Wheel in question is the front nearside on my BMW E91 330d M sport in carbon black.

Before: this about 3 weeks of road film, not over dirty to be fair, they are not seeled and have had a blast of iron x about 5 months ago.










wheels where washed only with valet pro citrus pre wash, fantastic product and smell ok too.










here are the brushes being used and just a bit of megs golf class for some suds.










large wheel woolie i found was a real useful bit of kit for the fronts and large openings, doesnt reach the back past the discs but not a problem. Holds plenty of suds










medium wheel woolie was perfect for reaching the back of the rims, held plenty of suds and cleans well. i think the new wheel woolies has a larger handle on this medium size but for me and my 235 size front 18 wheels it wasnt an issue and i wont be buying a new set of wheel woolies for that larger handle.










small woolie was great for the in between gaps that are quite tight and small, again held a good amount of suds and was strong enough for a good clean. will come in handy for other areas of the car also!










i did use my trusty valet pro brush to clean around the wheel nuts, cannot fault this brush for this job.










really pleased with the wheel woolies, they made light work of my alloys, easy to use and did the job quickly. Took little effort to use. i would recommend them to anyone who is unsure of the money. They also will be useful in other areas of the car wheel arches etc.

All finished dried and i applied the paste wax wheel sealant and some megs endurance tyre gel.










Thanks for looking, all questions, comments advice criticism accepted.

bmwjc


----------



## Nally

Great job love those valet pro brushes too great quality


----------



## dooka

Nally said:


> Great job love those valet pro brushes too great quality


I disagree, I have gone through 10, all fallen apart with in 3 uses, get the Envy brushes from Tim at Envy. The new VP brushes do look good though ..


----------



## The Cueball

so OP... what do you think these stupidly expensive bits of sheep on a stick are doing for you that a simple, couple of pound brush can't!?!?
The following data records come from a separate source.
(* If the active vertices agreeing with [g] from coordinate [m + 1] on used
   only [m + 1] colours, then by induction each class obtained by also fixing
   coordinate [m] would use all of them, so no forward vertex of copy [m]
   could use any of them: copy [m] would admit a colouring with too few
   forward colours. *)
Lemma agreeing_colors_step m (m_lt : m < t) g :
  g \in active S -> (forall g', g' \in active S -> m < #|agreeing_colors m g'|) ->
  m.+1 < #|agreeing_colors m.+1 g|.
Proof.
move=> gA IH; set U := agreeing_colors m.+1 g; rewrite ltnNge; apply/negP => U_small.
pose J : 'I_t := Ordinal m_lt.
pose gv v := [ffun j => if j == J then v else g j].
have gvA v : v \in fwd (S J) -> gv v \in active S.
  move=> vS; apply/activeP => j; rewrite ffunE.
  by case: eqP => [-> // | _]; move/activeP: gA.
have agreeing_sub v : active_agreeing_from m (gv v) \subset active_agreeing_from m.+1 g.
  apply/subsetP => f; rewrite !inE => /andP [-> /forallP f_agree] /=.
  apply/forallP => j; apply/implyP => m_lt_j; move/implyP: (f_agree j); rewrite ffunE.
  by rewrite -(inj_eq val_inj) /= gtn_eqF //; apply; apply: ltnW.
have U_large : m < #|U|.
  apply: leq_trans (IH g gA) (subset_leq_card (imsetS _ _)); apply/subsetP => f.
  rewrite !inE => /andP [-> /forallP f_agree] /=; apply/forallP => j.
  by apply/implyP => lt_j; apply: (implyP (f_agree j)); apply: ltnW.
have colors_gv v : v \in fwd (S J) -> agreeing_colors m (gv v) = U.
  move=> vS; apply/eqP; rewrite eqEcard imsetS ?agreeing_sub //=.
  exact: leq_trans U_small (IH _ (gvA v vS)).
have fwd_sub : fwd_colors (S J) (fun z => C (inl (J, z))) \subset ~: U.
  apply/subsetP => _ /imsetP [v vS ->]; rewrite inE -(colors_gv v vS).
  apply/imsetP => [[f]]; rewrite inE => /andP [fA /forallP f_agree] same.
  have fJ : f J == v by move/implyP: (f_agree J); rewrite ffunE eqxx; apply.
  have := @C_proper (inl (J, inr v)) (inr f); rewrite /= fJ fA same eqxx.
  by move/(_ isT).
case: (@S_not_admits J); exists (fun z => C (inl (J, z))); split; first exact: W_copy_proper.
apply: leq_trans (subset_leq_card fwd_sub) _.
move: (cardsC U) U_large; rewrite card_ord.
by move: #|U| #|~: U| => a b; rewrite /J /=; lia.
Qed.

Lemma agreeing_colors_lower_bound m :
  m <= t -> forall g, g \in active S -> m < #|agreeing_colors m g|.
Proof.
elim: m => [_ g gA | m IH m_lt g gA].
  apply/card_gt0P; exists (C (inr g)); apply: imset_f.
  by rewrite inE gA; apply/forallP => j; rewrite eqxx implybT.
exact: agreeing_colors_step (IH (ltnW m_lt)).
Qed.

Lemma W_colors_lower_bound g : g \in active S -> t < #|W_colors S C|.
Proof.
move=> gA; have all_agree : active_agreeing_from t g = active S.
  apply/setP => f; rewrite inE; apply: andb_idr => _.
  by apply/forallP => j; rewrite leqNgt ltn_ord.
by have := agreeing_colors_lower_bound (leqnn t) gA; rewrite /agreeing_colors all_agree.
Qed.

End LowerBound.

Section UpperBounds.

Hypothesis S_min : forall (j : 'I_t) p, p \in S j -> admits n (n - j) e (S j :\ p).
Hypothesis S_sub : forall j, S j \subset type2_full e.
Hypothesis e_col : colorable e n.
Hypothesis t_lt : t < n.

Let new_color : 'I_n := Ordinal t_lt.

Lemma active_nonempty : exists g, g \in active S.
Proof.
have fwd_S j : exists v, v \in fwd (S j).
  exact: not_admits_fwd_nonempty e_col (@S_not_admits j).
by exists [ffun j => xchoose (fwd_S j)]; apply/activeP => j; rewrite ffunE; apply: xchooseP.
Qed.

Definition marked_at (a : {ffun 'I_t -> V}) (dd : 'I_t -> V + V -> 'I_n) :=
  forall j : 'I_t, marked_coloring e j (S j) (a j) (dd j).

Lemma marked_exists a : a \in active S -> exists dd, marked_at a dd.
Proof.
move=> /activeP aA.
suff marked_copies :
    forall j : 'I_t, exists d : V + V -> 'I_n, marked_coloring e j (S j) (a j) d.
  by have [dd dd_marked] := functional_choice _ marked_copies; exists dd.
move=> j; have j_lt : j < n by move: (ltn_ord j) t_lt; lia.
exact: copy_coloring_marked (@S_not_admits j) (@S_min j) (S_sub j) _ j_lt (aA j).
Qed.

Lemma marked_ge a dd f (j : 'I_t) :
  marked_at a dd -> f \in active S -> j <= dd j (inr (f j)).
Proof.
move=> /(_ j) [_ dd_a dd_above] fA.
have [-> | f_ne_a] := eqVneq (f j) (a j); first by rewrite dd_a.
by apply: ltnW; apply: dd_above f_ne_a; move/activeP: fA.
Qed.

Definition free_active_color (dd : 'I_t -> V + V -> 'I_n) (f : {ffun 'I_t -> V}) :=
  free_color (fun j => dd j (inr (f j))) new_color.

Lemma free_active_colorP (dd : 'I_t -> V + V -> 'I_n) (f : {ffun 'I_t -> V}) (j0 : 'I_t) :
  (forall j : 'I_t, j <= dd j (inr (f j))) -> j0 < dd j0 (inr (f j0)) ->
  free_active_color dd f < t /\ forall j, dd j (inr (f j)) != free_active_color dd f.
Proof. exact: free_colorP. Qed.

Lemma marked_free a dd f :
  marked_at a dd -> f \in active S -> f != a ->
  free_active_color dd f < t /\ forall j, dd j (inr (f j)) != free_active_color dd f.
Proof.
move=> marked fA f_ne_a.
have [j0 f_ne_a_j0] : exists j0, f j0 != a j0.
  apply/existsP; apply: contraNT f_ne_a => /existsPn same.
  by apply/eqP/ffunP => j; apply/eqP/negPn/same.
apply: (free_active_colorP (j0 := j0)) => [j | ]; first exact: marked_ge marked fA.
by have [_ _ -> //] := marked j0; move/activeP: fA.
Qed.

Lemma W_coloring_marked a :
  a \in active S ->
  exists c : WT V t -> 'I_n, [/\ proper_col (W_edge e S) c, #|W_colors S c| <= t.+1
    & forall f, f \in active S -> f != a -> c (inr f) != c (inr a)].
Proof.
move=> aA; have [dd marked] := marked_exists aA.
pose h f := if f == a then new_color else free_active_color dd f.
exists (W_col dd h); split.
- move=> x y xy; apply: (W_col_proper_on (P := fun _ _ => true)) xy _ => //.
    by move=> j u w uw _; have [dd_proper _ _] := marked j; apply: dd_proper.
  move=> f j fA _; rewrite /h; have [-> | f_ne_a] := eqVneq f a.
    by have [_ dd_a _] := marked j; rewrite -(inj_eq val_inj) /= dd_a ltn_eqF.
  by have [_ ->] := marked_free marked fA f_ne_a.
- apply: W_colors_le => f fA; rewrite /h; case: eqP => [// | /eqP f_ne_a].
  by have [free_lt _] := marked_free marked fA f_ne_a; apply: ltnW.
- move=> f fA f_ne_a; rewrite /= /h (negbTE f_ne_a) eqxx.
  by have [free_lt _] := marked_free marked fA f_ne_a; rewrite -(inj_eq val_inj) /= ltn_eqF.
Qed.

Lemma W_del_link_coloring (j0 : 'I_t) g :
  g \in active S ->
  exists c : WT V t -> 'I_n,
    proper_col (del_edge (W_edge e S) (inl (j0, inr (g j0))) (inr g)) c /\ #|W_colors S c| <= t.
Proof.
move=> gA; have [dd marked] := marked_exists gA.
have j0_lt : j0 < n by move: (ltn_ord j0) t_lt; lia.
pose h f := if f == g then Ordinal j0_lt else free_active_color dd f.
exists (W_col dd h); split.
- move=> x y; rewrite del_edgeE => /andP [xy not_del].
  apply: (W_col_proper_on (P := avoids_pair _ _)) xy not_del; first exact: avoids_pair_sym.
  + by move=> j u w uw _; have [dd_proper _ _] := marked j; apply: dd_proper.
  move=> f j fA; rewrite /h; have [-> | f_ne_g] := eqVneq f g.
    have [_ dd_g _] := marked j; apply: contraNneq => /(congr1 val).
    by rewrite /= dd_g => /val_inj ->; rewrite !eqxx.
  by have [_ ->] := marked_free marked fA f_ne_g.
- apply: W_colors_le => f fA; rewrite /h; case: eqP => [_ | /eqP f_ne_g].
  by rewrite /=; exact: ltn_ord.
  by have [] := marked_free marked fA f_ne_g.
Qed.

Lemma W_del_copy_coloring (j0 : 'I_t) a b :
  (forall u w, e u w -> colorable (del_edge e u w) n.-1) -> Mbar_edge e (S j0) a b ->
  exists c : WT V t -> 'I_n,
    proper_col (del_edge (W_edge e S) (inl (j0, a)) (inl (j0, b))) c /\ #|W_colors S c| <= t.
Proof.
move=> e_del ab; have [g gA] := active_nonempty; have [dd marked] := marked_exists gA.
have j0_lt : j0.+1 < n by move: (ltn_ord j0) t_lt; lia.
have [d [d_proper d_above]] := copy_coloring_del (@S_min j0) e_del j0_lt ab.
pose dd' j := if j == j0 then d else dd j.
have dd'_ge f : f \in active S -> forall j : 'I_t, j <= dd' j (inr (f j)).
  move=> fA j; rewrite /dd'; case: eqP => [-> | _]; first exact: ltnW.
  exact: marked_ge marked fA.
have dd'_j0 f : j0 < dd' j0 (inr (f j0)) by rewrite /dd' eqxx.
have free f := fun fA : f \in active S => free_active_colorP (dd'_ge f fA) (dd'_j0 f).
exists (W_col dd' (free_active_color dd')); split.
- move=> x y; rewrite del_edgeE => /andP [xy not_del].
  apply: (W_col_proper_on (P := avoids_pair _ _)) xy not_del; first exact: avoids_pair_sym.
  + move=> j u w uw nd; rewrite /dd'; case: (j =P j0) => [j_eq | _].
      subst j; apply: d_proper; rewrite del_edgeE uw.
      by move: nd; rewrite /avoids_pair !(inj_eq inl_inj) !xpair_eqE !eqxx.
    by have [dd_proper _ _] := marked j; apply: dd_proper.
  by move=> f j fA _; have [_ ->] := free f fA.
- by apply: W_colors_le => f fA; have [] := free f fA.
Qed.

Lemma W_del_edge_coloring x y :
  (forall u w, e u w -> colorable (del_edge e u w) n.-1) -> W_edge e S x y ->
  exists c : WT V t -> 'I_n, proper_col (del_edge (W_edge e S) x y) c /\ #|W_colors S c| <= t.
Proof.
move=> e_del.
case/W_edge_cases => [[j [a [b [-> -> ab]]]] | [j [f [-> -> fA]]] | [j [f [-> -> fA]]]].
- exact: W_del_copy_coloring.
- exact: W_del_link_coloring.
- have [c [c_proper c_small]] := W_del_link_coloring j fA.
  by exists c; split=> // u w; rewrite del_edgeC; apply: c_proper.
Qed.

End UpperBounds.

End W.

Theorem lemma4 (k : nat) (V : finType) (e : rel V) (i : nat)
    (S : 'I_i.-1 -> {set V * V}) :
  4 <= k -> simple_graph e -> critical e k.-1 ->
  triangle_free e -> pentagon_free e ->
  0 < i -> i <= k.-1 ->
  (forall j : 'I_i.-1, is_Mr k.-1 (k.-1 - j) e (S j)) ->
  [/\ (forall a, a \in active S ->
         exists c : WT V i.-1 -> 'I_k.-1,
           [/\ proper_col (W_edge e S) c, #|W_colors S c| <= i
             & forall f, f \in active S -> f != a -> c (inr f) != c (inr a)]),
      (forall c : WT V i.-1 -> 'I_k.-1, proper_col (W_edge e S) c ->
         i <= #|W_colors S c|)
    & (forall x y, W_edge e S x y ->
         exists c : WT V i.-1 -> 'I_k.-1,
           proper_col (del_edge (W_edge e S) x y) c /\ #|W_colors S c| <= i.-1)].
Proof.
move=> k_ge4 [e_sym _] [e_ncol e_col e_del _] _ _ i_gt0 i_le S_Mr.
have n_gt1 : 1 < k.-1 by lia.
have t_lt : i.-1 < k.-1 by lia.
have S_not_admits (j : 'I_i.-1) : ~ admits k.-1 (k.-1 - j) e (S j).
  exact: reachable_not_admits n_gt1 e_sym e_ncol (leq_subr _ _) (S_Mr j).1.
have S_min (j : 'I_i.-1) p : p \in S j -> admits k.-1 (k.-1 - j) e (S j :\ p).
  exact: Mr_del_admits (S_Mr j).2.
have S_sub (j : 'I_i.-1) : S j \subset type2_full e := reachable_sub_type2 (S_Mr j).1.
split.
- move=> a aA; have [c [c_proper c_small c_marked]] :=
    W_coloring_marked S_not_admits S_min S_sub t_lt aA.
  by exists c; rewrite (prednK i_gt0) in c_small.
- move=> C C_proper; have [g gA] := active_nonempty S_not_admits e_col.
  by have := W_colors_lower_bound S_not_admits C_proper gA; rewrite (prednK i_gt0).
- by move=> x y; apply: (W_del_edge_coloring S_not_admits S_min S_sub e_col t_lt e_del).
Qed.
you have spent a lot of money, and now need 4 brushes to clean one wheel!?!?

madness....

my, 4 year old, £1.50 brush does everything you have posted up....what's the point, or benefit to having all this extra, expensive kit!?!?!

:thumb:

ps... I did buy them, but thought they were pointless.... hence why I'm asking you for your thoughts....


----------



## DJBAILEY

I don't know about that. I've never come across 1 single brush that took care of all my needs. When I am cleaning wheels I bring a whole bunch of brushes with me. 

EZ detail regular & mini
Wheel Woolies set
Raceglaze wheel brush
Swissvax wheel brush
Adam's wheel & lugnut brush
Racoon tail style tampico brush (for scrubbing power)
And a grout sponge cut into smaller pieces

Depending on the wheel I may use everyone of them or sometimes just 2 or 3 of them.
The big woolie is great for cleaning the wheel wells.


----------



## The Cueball

really!?!?!? wow... :wall:


----------



## DJBAILEY

why what's the big deal?


----------



## Bmwjc

The Cueball said:


> so OP... what do you think these stupidly expensive bits of sheep on a stick are doing for you that a simple, couple of pound brush can't!?!?
> 
> you have spent a lot of money, and now need 4 brushes to clean one wheel!?!?
> 
> madness....
> 
> my, 4 year old, £1.50 brush does everything you have posted up....what's the point, or benefit to having all this extra, expensive kit!?!?!
> 
> :thumb:
> 
> ps... I did buy them, but thought they were pointless.... hence why I'm asking you for your thoughts....


They cleaned my wheels with ease, i say why wheels as that was the only alloy I've tried them with to be fair. Others they may prove to be not so useful.
Before yesterday I had purchased the meguiars wheel brush. The bristles have fallen outs, the rubber end is **** and it comes off so easy, normally wedged somewhere on the outer casing of the disc. I Purchased an ez brush yep same problem.
Viking brush, too big, too soft, varies paint brushes, all gone rusty. So by now I've already spent more that my £28 on the wheels woollies which I had been eager to get but the price was putting me off especially as £38. Then the promotion came along and I thought what hell and went for it. Turns out if I'd have just got them in the first place I wouldn't have wasted my money on the meguiars, Viking and ez brushes plus a few quid of the simple paint brushes. 
In my eyes the waste was the brushes before.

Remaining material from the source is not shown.